→ **Description of the task**:
Lines with "exists": copy each one from the listing below.
*** Opening of Recorded data ***
(* Fix $n\ge 1$ and $p\ge 1$. Let $\{A^t\}_{t\ge 0}$ be a sequence of couplings of positive integral diamonds of Dynkin type $\mathbb{A}_n$ which is a $p$-cycle ($A^{t+p}=A^t$ for all $t$), considered through its terms $A^0,\dots,A^{2p-1}$. For $0\le i\le p-1$ consider the subsequence $\{B^{s}_{(i)}\}_{0\le s\le p-1}$ with $B^{s}_{(i)}=A^{i+s}$, and its infinite array $C^{(i)}=(c^{(i)}_{r,j})_{r\in\mathbb{Z},0\le j\le n+1}$ given by $c^{(i)}_{(s+1)+kp,\,j}=a^{i+s}_{1,j}$ ($0\le s\le p-1$, $k\in\mathbb{Z}$, $1\le j\le n$) and $c^{(i)}_{r,0}=c^{(i)}_{r,n+1}=1$. Then, for all $0\le i\le p-1$, these subsequences generate the same frieze pattern of order $n+3$.
   Context: An $\mathbb{A}_n$-diamond over an integral domain $\mathbf{R}$ is a family $A=(a_{i,j})$ of elements of $\mathbf{R}$, with $a_{1,j}$ for $1\le j\le n+1$ and $a_{2,j}$ for $0\le j\le n$, such that (D1) $a_{2,0}=a_{1,n+1}=1$ and (D2) $a_{1,j}a_{2,j}-a_{2,j-1}a_{1,j+1}=1$ for $1\le j\le n$. For $\mathbf{R}=\mathbb{Z}$, $A$ is a positive integral diamond of Dynkin type $\mathbb{A}_n$ if it also satisfies (D3): there are integers $a,m_a$ with $1\le a\le\lfloor (n+2)/2\rfloor$ such that either $(a_{1,1},a_{2,1})=(a,a+m_a)$ or $(a_{1,1},a_{2,1})=(a+m_a,a)$, and $a_{1,2}=a^2+am_a-1$, where $1\le m_1\le n$ when $a=1$ and $0\le m_a\le n+2(1-a)$ when $a>1$. $A\models B$ (coupling) means $a_{2,j}=b_{1,j}$ for $1\le j\le n$; a sequence of couplings is $\{A^t\}_{t\ge0}$ with $A^t\models A^{t+1}$ for all $t$, and we write $A^t=(a^t_{i,j})$. An array $(c_{r,j})_{r\in\mathbb{Z},0\le j\le n+1}$ with $c_{r,0}=c_{r,n+1}=1$ is a frieze pattern of order $n+3$ if $c_{r,j}c_{r+1,j}-c_{r+1,j-1}c_{r,j+1}=1$ for all $r\in\mathbb{Z}$, $1\le j\le n$ (i.e. placing $c_{r,j}$ in row $j$, column $2r+j$, bordered by rows of zeros, yields a closed Coxeter frieze pattern). Two such arrays are regarded as the same frieze pattern if one is obtained from the other by a translation of the index $r$. *)

From HB Require Import structures.
From mathcomp Require Import all_boot all_order all_algebra.
Set Implicit Arguments. Unset Strict Implicit. Unset Printing Implicit Defensive.
Import Order.TTheory GRing.Theory Num.Theory.
Local Open Scope ring_scope.

(* A diamond over R: two rows of entries; row1 j = a_{1,j} (1 <= j <= n+1),
   row2 j = a_{2,j} (0 <= j <= n).  Values outside these ranges are ignored. *)
Record diamond (R : Type) := Diamond { row1 : nat -> R ; row2 : nat -> R }.

Definition is_diamond (R : comRingType) (n : nat) (A : diamond R) : Prop :=
  row2 A 0 = 1 /\ row1 A n.+1 = 1 /\
  (forall j : nat, (1 <= j <= n)%N ->
     row1 A j * row2 A j - row2 A j.-1 * row1 A j.+1 = 1).

Definition D3 (n : nat) (A : diamond int) : Prop :=
  exists a m : int,
    1 <= a <= ((n + 2) %/ 2)%N%:Z /\
    ((row1 A 1%N = a /\ row2 A 1%N = a + m) \/ (row1 A 1%N = a + m /\ row2 A 1%N = a)) /\
    row1 A 2%N = a ^+ 2 + a * m - 1 /\
    (a = 1 -> 1 <= m <= n%:Z) /\
    (1 < a -> 0 <= m <= n%:Z + 2 * (1 - a)).

Definition pos_int_diamond (n : nat) (A : diamond int) : Prop :=
  is_diamond n A /\ D3 n A.

Definition couples (R : Type) (n : nat) (A B : diamond R) : Prop :=
  forall j : nat, (1 <= j <= n)%N -> row2 A j = row1 B j.

Definition diamond_eq (R : Type) (n : nat) (A B : diamond R) : Prop :=
  (forall j : nat, (1 <= j <= n.+1)%N -> row1 A j = row1 B j) /\
  (forall j : nat, (j <= n)%N -> row2 A j = row2 B j).

(* the array C^(i): c_{(s+1)+kp, j} = a^{i+s}_{1,j} (0<=s<=p-1), borders 1 *)
Definition sub_array (n p : nat) (A : nat -> diamond int) (i : nat)
  (r : int) (j : nat) : int :=
  if (j == 0%N) || (j == n.+1) then 1
  else row1 (A (i + `|((r - 1) %% p%:Z)%Z|)%N) j.

Definition is_frieze (n : nat) (c : int -> nat -> int) : Prop :=
  (forall r : int, c r 0%N = 1 /\ c r n.+1 = 1) /\
  (forall (r : int) (j : nat), (1 <= j <= n)%N ->
     c r j * c (r + 1) j - c (r + 1) j.-1 * c r j.+1 = 1).

Definition same_frieze (n : nat) (c c' : int -> nat -> int) : Prop :=
  exists d : int, forall (r : int) (j : nat), (j <= n.+1)%N -> c r j = c' (r + d) j.

(* Row 1 of A^t depends only on t mod p, and by the coupling row 2 of A^t is
   row 1 of A^(t+1). Hence the entries c_{r+1,j} of C^(i) form row 2 of the
   diamond whose row 1 gives the c_{r,j}, so the frieze rule is exactly (D2)
   and the borders are (D1). The c_{r,j} depend on r only through i + r mod p,
   so C^(i) and C^(i') differ by the translation r |-> r + i - i'. *)

From mathcomp Require Import all_boot all_order all_algebra.
From mathcomp Require Import ring.
(* Imported last so that [row1] is the diamond row, not the matrix [row1]. *)
Set Implicit Arguments. Unset Strict Implicit. Unset Printing Implicit Defensive.
Import Order.TTheory GRing.Theory Num.Theory.
Local Open Scope ring_scope.

Section PeriodicRows.
Variables (R : Type) (n p : nat) (A : nat -> diamond R).
Hypothesis A_periodic : forall t : nat, diamond_eq n (A (t + p)%N) (A t).

Lemma row1_addnMp t k j :
  (1 <= j <= n.+1)%N -> row1 (A (t + k * p)%N) j = row1 (A t) j.
Proof.
move=> hj; elim: k => [|k IHk]; first by rewrite mul0n addn0.
by rewrite mulSn addnCA addnC (proj1 (A_periodic _)).
Qed.

Lemma row1_eq_mod t t' j :
  (1 <= j <= n.+1)%N -> t = t' %[mod p] -> row1 (A t) j = row1 (A t') j.
Proof.
move=> hj tt'.
by rewrite (divn_eq t p) (divn_eq t' p) tt' !(addnC _ (_ %% p)%N) !row1_addnMp.
Qed.

End PeriodicRows.

Definition sub_index (p i : nat) (r : int) : nat := (i + `|((r - 1) %% p%:Z)%Z|)%N.

Lemma eqn_mod_of_eqz (m m' d : nat) :
  (m%:Z = m'%:Z %[mod d%:Z])%Z -> m = m' %[mod d].
Proof. by rewrite !modz_nat => -[]. Qed.

Section SubIndex.
Variable p : nat.
Hypothesis p_gt0 : (0 < p)%N.

Lemma sub_index_mod i r : ((sub_index p i r)%:Z = i%:Z + r - 1 %[mod p%:Z])%Z.
Proof.
have p_neq0 : p%:Z != 0 by rewrite eqz_nat -lt0n.
by rewrite /sub_index PoszD gez0_abs ?modz_ge0 // modzDmr addrA.
Qed.

Lemma sub_index_succ i r : sub_index p i (r + 1) = (sub_index p i r).+1 %[mod p].
Proof.
apply: eqn_mod_of_eqz; rewrite -addn1 PoszD -modzDml !sub_index_mod modzDml.
by congr (_ %% _)%Z; ring.
Qed.

Lemma sub_index_translate i i' r :
  sub_index p i r = sub_index p i' (r + (i%:Z - i'%:Z)) %[mod p].
Proof.
by apply: eqn_mod_of_eqz; rewrite !sub_index_mod; congr (_ %% _)%Z; ring.
Qed.

End SubIndex.

Section SubArray.
Variables (n p : nat) (A : nat -> diamond int).
Hypothesis p_gt0 : (0 < p)%N.
Hypothesis A_diamond : forall t : nat, is_diamond n (A t).
Hypothesis A_couples : forall t : nat, couples n (A t) (A t.+1).
Hypothesis A_periodic : forall t : nat, diamond_eq n (A (t + p)%N) (A t).

Lemma sub_array_row1 i r j :
  (1 <= j <= n.+1)%N -> sub_array n p A i r j = row1 (A (sub_index p i r)) j.
Proof.
rewrite /sub_array; case: eqP => [-> //|_] /= _.
by case: eqP => [->|//]; have [_ [-> _]] := A_diamond (sub_index p i r).
Qed.

Lemma sub_array_succ i r j :
  (j <= n)%N -> sub_array n p A i (r + 1) j = row2 (A (sub_index p i r)) j.
Proof.
move=> le_jn; have [->|j_gt0] := posnP j.
  by have [-> _] := A_diamond (sub_index p i r).
have j_range : (1 <= j <= n)%N by rewrite j_gt0.
rewrite sub_array_row1 ?(leqW le_jn) ?andbT // A_couples //.
by apply: (row1_eq_mod A_periodic); rewrite ?sub_index_succ // j_gt0 leqW.
Qed.

Lemma sub_array_frieze i : is_frieze n (sub_array n p A i).
Proof.
split=> [r | r j /andP[j_gt0 le_jn]].
  by rewrite /sub_array !eqxx orbT.
rewrite !sub_array_succ ?(leq_trans (leq_pred j)) //.
rewrite !sub_array_row1 ?j_gt0 ?(leqW le_jn) //.
by have [_ [_ ->]] := A_diamond (sub_index p i r); rewrite ?j_gt0.
Qed.

Lemma sub_array_translate i i' : same_frieze n (sub_array n p A i) (sub_array n p A i').
Proof.
exists (i%:Z - i'%:Z) => r j le_j.
rewrite /sub_array; case: ifP => // /norP[j_neq0 _].
apply: (row1_eq_mod A_periodic); last exact: sub_index_translate.
by rewrite lt0n j_neq0.
Qed.

End SubArray.

Theorem proposition6 (n p : nat) (A : nat -> diamond int) :
  (1 <= n)%N -> (1 <= p)%N ->
  (forall t : nat, pos_int_diamond n (A t)) ->
  (forall t : nat, couples n (A t) (A t.+1)) ->
  (forall t : nat, diamond_eq n (A (t + p)%N) (A t)) ->
  (forall i : nat, (i < p)%N -> is_frieze n (sub_array n p A i)) /\
  (forall i i' : nat, (i < p)%N -> (i' < p)%N ->
     same_frieze n (sub_array n p A i) (sub_array n p A i')).
Proof.
move=> _ p_gt0 A_pos A_couples A_periodic.
have A_diamond t : is_diamond n (A t) by case: (A_pos t).
split=> [i _ | i i' _ _].
- exact: sub_array_frieze p_gt0 A_diamond A_couples A_periodic i.
- exact: sub_array_translate p_gt0 A_periodic i i'.
Qed.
*** Close of Recorded data ***
→ **Exercise solution**:
  exists a m : int,
  exists d : int, forall (r : int) (j : nat), (j <= n.+1)%N -> c r j = c' (r + d) j.
exists (i%:Z - i'%:Z) => r j le_j.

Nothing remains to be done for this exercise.